Kata Containers have higher overhead than gVisor (each pod gets a VM with its own kernel) but provide stronger isolation because they use hardware virtualization. Use Kata for workloads that require the strongest possible isolation, such as running customer-supplied code or processing classified data.

### Runtime Isolation Comparison

| Feature | runc (default) | gVisor | Kata Containers |
|---|---|---|---|
| Isolation boundary | Linux namespaces + cgroups | User-space kernel | Hardware VM |
| Syscall overhead | None | 2-10x | 1.5-3x |
| Memory overhead | Minimal | ~50MB per sandbox | ~160MB per pod |
| Startup time | <1 second | ~1 second | 2-5 seconds |
| Kernel vulnerability protection | None | Strong | Strongest |
| Compatibility | Full | Most workloads | Most workloads |
| Best for | Trusted workloads | Multi-tenant, untrusted input | Highest-security, multi-tenant |

## Layered Defense

No single mechanism provides complete runtime security. Layer them:

1. **Seccomp**: Restrict which syscalls are available. The kernel-level filter.
2. **AppArmor/SELinux**: Restrict file and network access.
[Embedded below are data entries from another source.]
(* Generalized gcd (a,b)_s: the largest d^s (d in N) with d^s | a and d^s | b
   (for a, b positive, such d satisfy d <= a, so the bounded max is exact). *)
Definition gen_gcd (s a b : nat) : nat :=
  ((\max_(d < (a + b).+1 | (0 < (d : nat)) && ((d : nat) ^ s %| a) && ((d : nat) ^ s %| b)) (d : nat)) ^ s)%N.

Definition expi2pi {R : realType} (x : R) : R[i] :=
  (cos (2 * pi * x) +i* sin (2 * pi * x))%C.

Definition cohen_ramanujan {R : realType} (s q n : nat) : R[i] :=
  \sum_(1 <= h < (q ^ s).+1 | gen_gcd s h (q ^ s) == 1%N)
     expi2pi ((n * h)%:R / (q ^ s)%:R : R).

Definition fprime {R : realType} (f : nat -> R[i]) (k : nat) : R[i] :=
  \sum_(d <- divisors k) (moebius d)%:~R * f (k %/ d)%N.

Definition cabs {R : realType} (z : R[i]) : R := Normc.normc z.

(* Since h |-> (h, q^s)_s = 1 is multiplicative in q, the Chinese remainder
   theorem makes q |-> c_q^{(s)}(N) multiplicative.  For a prime p the sum of
   e(N h / p^s) over all residues h mod p^s is 0 or p^s, and c_p^{(s)}(N) is
   that sum minus 1, so |c_p^{(s)}(N)| >= 1.  Multiplicativity then gives
   2^omega(k) <= sum_{q | k} |c_q^{(s)}(N)| for every k, and the series of the
   conclusion is dominated term by term by the double series of the hypothesis
   after grouping its terms according to k = m q.  The argument works for
   every N. *)
From HB Require Import structures.
From mathcomp Require Import all_boot all_order all_algebra.
From mathcomp Require Import all_classical all_reals all_analysis.
From mathcomp Require Import complex.
From mathcomp Require Import ring zify.

Import Order.TTheory GRing.Theory Num.Theory.

Local Open Scope ring_scope.

Section Complex.
Variable R : realType.
Local Notation e := (@expi2pi R).

Lemma expi2piD (x y : R) : e (x + y) = e x * e y.
Proof.
rewrite /expi2pi mulrDr cosD sinD; simpc; congr (_ +i* _)%C; ring.
Qed.

Lemma expi2pi0 : e 0 = 1.
Proof. by rewrite /expi2pi mulr0 cos0 sin0. Qed.

Lemma expi2pi1 : e 1 = 1.
Proof. by rewrite /expi2pi mulr1 (_ : 2 * pi = pi *+ 2) ?cos2pi ?sin2pi // mulr_natl. Qed.

Lemma expi2piMn (k : nat) (x : R) : e (k%:R * x) = e x ^+ k.
Proof.
elim: k => [|k IHk]; first by rewrite mul0r expi2pi0 expr0.
by rewrite -addn1 natrD mulrDl mul1r expi2piD IHk addn1 exprSr.
Qed.

Lemma expi2pi_nat (k : nat) : e k%:R = 1.
Proof. by rewrite -[k%:R]mulr1 expi2piMn expi2pi1 expr1n. Qed.

Lemma expi2pi_modn (N k M : nat) : (0 < M)%N ->
  e ((N * (k %% M))%:R / M%:R) = e ((N * k)%:R / M%:R).
Proof.
move=> M_gt0; have M_neq0 : (M%:R : R) != 0 by rewrite pnatr_eq0 -lt0n.
rewrite {2}(divn_eq k M) addnC mulnDr mulnA natrD [(_ * M)%:R]natrM mulrDl mulfK //.
by rewrite expi2piD expi2pi_nat mulr1.
Qed.

Lemma cabs_normr (z : R[i]) : (cabs z)%:C%C = `|z|.
Proof. by case: z. Qed.

Lemma cabs_ge0 (z : R[i]) : 0 <= cabs z.
Proof. by rewrite -lecR cabs_normr normr_ge0. Qed.

End Complex.

Definition pow_coprime (s q h : nat) : bool :=
  all (fun p => ~~ (p ^ s %| h)%N) (primes q).

Lemma gen_gcd_eq1 (s q h : nat) : (0 < s)%N -> (0 < q)%N -> (0 < h)%N ->
  (gen_gcd s h (q ^ s) == 1)%N = pow_coprime s q h.
Proof.
move=> s_gt0 q_gt0 h_gt0; rewrite /gen_gcd -{2}(exp1n s) eqn_exp2r //.
pose P (d : 'I_(h + q ^ s).+1) := [&& 0 < d, d ^ s %| h & d ^ s %| q ^ s]%N.
rewrite (eq_bigl P); last by move=> d; rewrite /P andbA.
have lt1 : (1 < (h + q ^ s).+1)%N by rewrite ltnS addn_gt0 h_gt0.
apply/idP/allP.
- move/eqP=> max1 p; rewrite mem_primes => /and3P [p_pr _ pq].
  apply/negP => psh.
  have ltp : (p < (h + q ^ s).+1)%N.
    rewrite ltnS; apply: leq_trans (leq_addr _ _); apply: leq_trans (dvdn_leq h_gt0 psh).
    by rewrite -[X in (X <= _)%N]expn1 leq_pexp2l ?(prime_gt0 p_pr).
  have : (p <= 1)%N.
    rewrite -max1; apply: (@leq_bigmax_cond _ P _ (Ordinal ltp)).
    by rewrite /P /= prime_gt0 // psh dvdn_exp2r.
  by rewrite leqNgt prime_gt1.
- move=> coprime_hq; rewrite eqn_leq; apply/andP; split; last first.
    by apply: (leq_bigmax_cond (Ordinal lt1)); rewrite /P /= !exp1n !dvd1n.
  apply/bigmax_leqP => d /and3P [d_gt0 dh dq]; rewrite leqNgt; apply/negP => d_gt1.
  have dvd_q : (d %| q)%N by rewrite -(dvdn_pexp2r _ _ s_gt0).
  have := coprime_hq (pdiv d).
  rewrite mem_primes pdiv_prime // q_gt0 (dvdn_trans (pdiv_dvd d) dvd_q) => /(_ isT).
  by rewrite (dvdn_trans (dvdn_exp2r s (pdiv_dvd d)) dh).
Qed.

Lemma pow_coprime_mod (s q h : nat) :
  pow_coprime s q (h %% q ^ s) = pow_coprime s q h.
Proof.
apply: eq_in_all => p; rewrite mem_primes => /and3P [_ _ pq].
by rewrite /dvdn modn_dvdm // dvdn_exp2r.
Qed.

Lemma pow_coprimeM (s a b h : nat) : (0 < a)%N -> (0 < b)%N ->
  pow_coprime s (a * b) h = pow_coprime s a h && pow_coprime s b h.
Proof.
by move=> a_gt0 b_gt0; rewrite /pow_coprime -all_cat; apply: eq_all_r => p;
  rewrite mem_cat primesM.
Qed.

Lemma pow_coprime_prime (s p h : nat) : prime p ->
  pow_coprime s p h = ~~ (p ^ s %| h)%N.
Proof. by move=> p_pr; rewrite /pow_coprime primes_prime // all_seq1. Qed.

Lemma pow_coprime_CRT (s a b i j : nat) : coprime a b ->
  pow_coprime s a (i * b ^ s + j * a ^ s) = pow_coprime s a i.
Proof.
move=> cab; apply: eq_in_all => p; rewrite mem_primes => /and3P [p_pr _ pa].
rewrite dvdn_addl; last by rewrite dvdn_mull // dvdn_exp2r.
rewrite Gauss_dvdl // coprimeXl // coprimeXr // prime_coprime //; apply/negP => pb.
have : (p %| gcdn a b)%N by rewrite dvdn_gcd pa pb.
by rewrite (eqP cab) dvdn1 => /eqP p1; rewrite p1 in p_pr.
Qed.

Lemma coprime_mul_mod_inj {A B i j : nat} : coprime A B ->
  (i < A)%N -> (j < A)%N -> i * B = j * B %[mod A] -> i = j.
Proof.
move=> cAB; wlog le_ji : i j / (j <= i)%N.
  by move=> wlog_le iA jA eq_ij; case: (leqP j i) => [|/ltnW] le;
    [exact: wlog_le | exact/esym/wlog_le].
move=> iA jA /eqP; rewrite eqn_mod_dvd ?leq_mul2r ?le_ji ?orbT // -mulnBl Gauss_dvdl //.
by case: (posnP (i - j)) => [|/dvdn_leq le_A /le_A]; lia.
Qed.

Lemma omegaM_pfactor (m p a : nat) : prime p -> (0 < m)%N -> ~~ (p %| m)%N ->
  (0 < a)%N -> omega (m * p ^ a) = (omega m).+1.
Proof.
move=> p_pr m_gt0 p_ndvd_m a_gt0; rewrite /omega -[(size _).+1]/(size (p :: primes m)).
apply: perm_size; apply: uniq_perm; rewrite ?primes_uniq //=.
  by rewrite primes_uniq andbT mem_primes p_pr m_gt0.
move=> x; rewrite primesM ?expn_gt0 ?(prime_gt0 p_pr) // primesX // (primes_prime p_pr).
by rewrite mem_seq1 in_cons orbC.
Qed.

Section NonnegativeSums.
Context {R : numDomainType}.

Lemma ler_sum_uniq_subset (T : eqType) (r1 r2 : seq T) (F : T -> R) :
  uniq r1 -> uniq r2 -> {subset r1 <= r2} -> (forall x, 0 <= F x) ->
  \sum_(x <- r1) F x <= \sum_(x <- r2) F x.
Proof.
move=> uniq_r1 uniq_r2 sub12 F_ge0.
rewrite [leRHS](bigID (mem r1)) /=.
have -> : \sum_(x <- r2 | x \in r1) F x = \sum_(x <- r1) F x.
  rewrite -big_filter; apply: perm_big; apply: uniq_perm; rewrite ?filter_uniq // => x.
  by rewrite mem_filter; case: (boolP (x \in r1)) => // /sub12 ->.
by rewrite lerDl sumr_ge0.
Qed.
The OS-level policy.
3. **Capabilities**: Drop unnecessary root powers. The privilege-level control.
4. **Read-only filesystem**: Prevent runtime modification. The immutability guarantee.
5. **Falco**: Detect when something bypasses the above controls. The detection layer.
6. **gVisor/Kata**: Isolate the workload from the host kernel entirely. The containment layer.

Apply layers 1 through 5 to every workload. Add layer 6 for untrusted or highest-risk workloads. Each layer reduces the attack surface that the next layer must defend.